Author(s): Karl X. Knaup, Maike Büttner-Herold, Bernt Popp, Johanna Stoeckert, Mario Schiffer, Markus Schueler, André Reis, Kerstin Amann, Arif B. Ekici, Michael S Wiesener

An ill-defined number of patients with chronic kidney disease (CKD) receive an incorrect diagnosis. Numerous diseases are rather unspecific in terms of clinical appearance and histological characteristics, particularly hereditary kidney diseases. Autosomal dominant tubulointerstitial kidney diseases (ADTKD) can be seen as a paradigm of the diagnostic challenge, where only molecular genetics can assure the diagnosis.

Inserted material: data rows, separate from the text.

Lemma cylinder_sub_ball d t : d <= t -> cylinder d t `<=` ball x (2 * t).
Proof.
move=> dt p /(cylinder_enorm_lt dt) px; apply/mx_ballP; split.
  exact: le_lt_trans (enorm_ge0 _) px.
move=> i j; rewrite (ord1 i) distrC; apply: le_lt_trans px.
by have := coord_le_enorm (p - x) j; rewrite !mxE.
Qed.

Lemma seg_frame_sub a b (P : set 'rV[R]_n.+1) :
  (forall l, 0 <= l <= 1 -> P (x + act_mx A (a + l *: b))) ->
  seg (x + act_mx A a) (act_mx A b) `<=` P.
Proof.
move=> Pab q [l]; rewrite /= in_itv /= => /Pab + <-.
by rewrite linearD linearZ addrA.
Qed.

End Cylinder.

Section CylinderTrace.
Variables (R : realType) (n : nat) (x : 'rV[R]_n.+1) (A : 'M[R]_n.+1).
Variables (U : set 'rV[R]_n.+1) (alpha r h eps d t : R).
Hypotheses (A_orth : orthogonal_mx A) (alpha_gt0 : 0 < alpha) (r_gt0 : 0 < r).
Hypotheses (d_gt0 : 0 < d) (d_le_t : d <= t) (d_lt_r : d < r).
Hypotheses (cusp_at_t : h * (d / r) `^ alpha < t) (t_lt_h : 2 * t < h).
Hypothesis t_le_eps : 2 * t <= eps.
Hypothesis x_adh : closure U x.
Hypothesis cusp_near_x : forall y, (closure U `&` eball x eps) y ->
  [set y + act_mx A z | z in cusp alpha r h] `<=` U.
Local Notation e_d := (delta_mx ord0 ord_max : 'rV[R]_n.+1).
Local Notation C := (cylinder x A d t).

Let t_gt0 : 0 < t. Proof. exact: lt_le_trans d_le_t. Qed.
Let h_gt0 : 0 < h. Proof. by have := t_gt0; have := t_lt_h; lra. Qed.

Lemma cylinder_vertical_seg w : cyl d t w -> U (x + act_mx A w) ->
  seg (x + act_mx A w) (act_mx A ((t - xlast w) *: e_d)) `<=` C `&` U.
Proof.
move=> cw Uw; have [_ dw wt] := cw; set s := t - xlast w.
have s_lt_h : s < h by have := t_lt_h; have := d_le_t; rewrite /s; lra.
apply: seg_frame_sub => l /andP[l0 l1]; rewrite scalerA.
have ls_ge0 : 0 <= l * s by rewrite mulr_ge0 // subr_ge0.
have ls_le_s : l * s <= s by rewrite ler_piMl // subr_ge0.
split; first by exists (w + (l * s) *: e_d) => //; apply: cyl_lift; rewrite ?ls_ge0.
have [->|ls_neq0] := eqVneq (l * s) 0; first by rewrite scale0r addr0.
rewrite linearD addrA; apply: (cusp_near_x (y := x + act_mx A w)).
  split; first exact: subset_closure.
  rewrite /eball /= addrC addKr enorm_act_mx //.
  exact: lt_le_trans (cyl_enorm_lt d_le_t cw) t_le_eps.
exists ((l * s) *: e_d) => //; apply: cusp_axis => //.
by rewrite lt_neqAle eq_sym ls_neq0 ls_ge0 /=; apply: le_lt_trans s_lt_h.
Qed.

We report a young lady with CKD who historically received a diagnosis of “biopsy-proven” IgA nephropathy (IgAN). She received 8 months of oral steroids, with side effects but further renal deterioration. Despite a positive family history with CKD over at least three generations, this clue was not considered. We established a doubtless diagnosis of MUC1-associated ADTKD by a heterozygous frameshift-causing mutation by SNaPshot minisequencing in our index patient and her affected father. Furthermore, the mucin 1 frameshift protein was readily detectable in the 10 year old kidney biopsy. We hypothesize that similar diagnostic failures are frequent in the current routine. Interestingly, the misdiagnosis of IgAN may be an underestimated problem since a substantial fraction of the healthy population may show mesangial proliferation and IgA deposition. The correct diagnosis of hereditary diseases has several clinical implications and should be the ultimate aim of precision nephrology.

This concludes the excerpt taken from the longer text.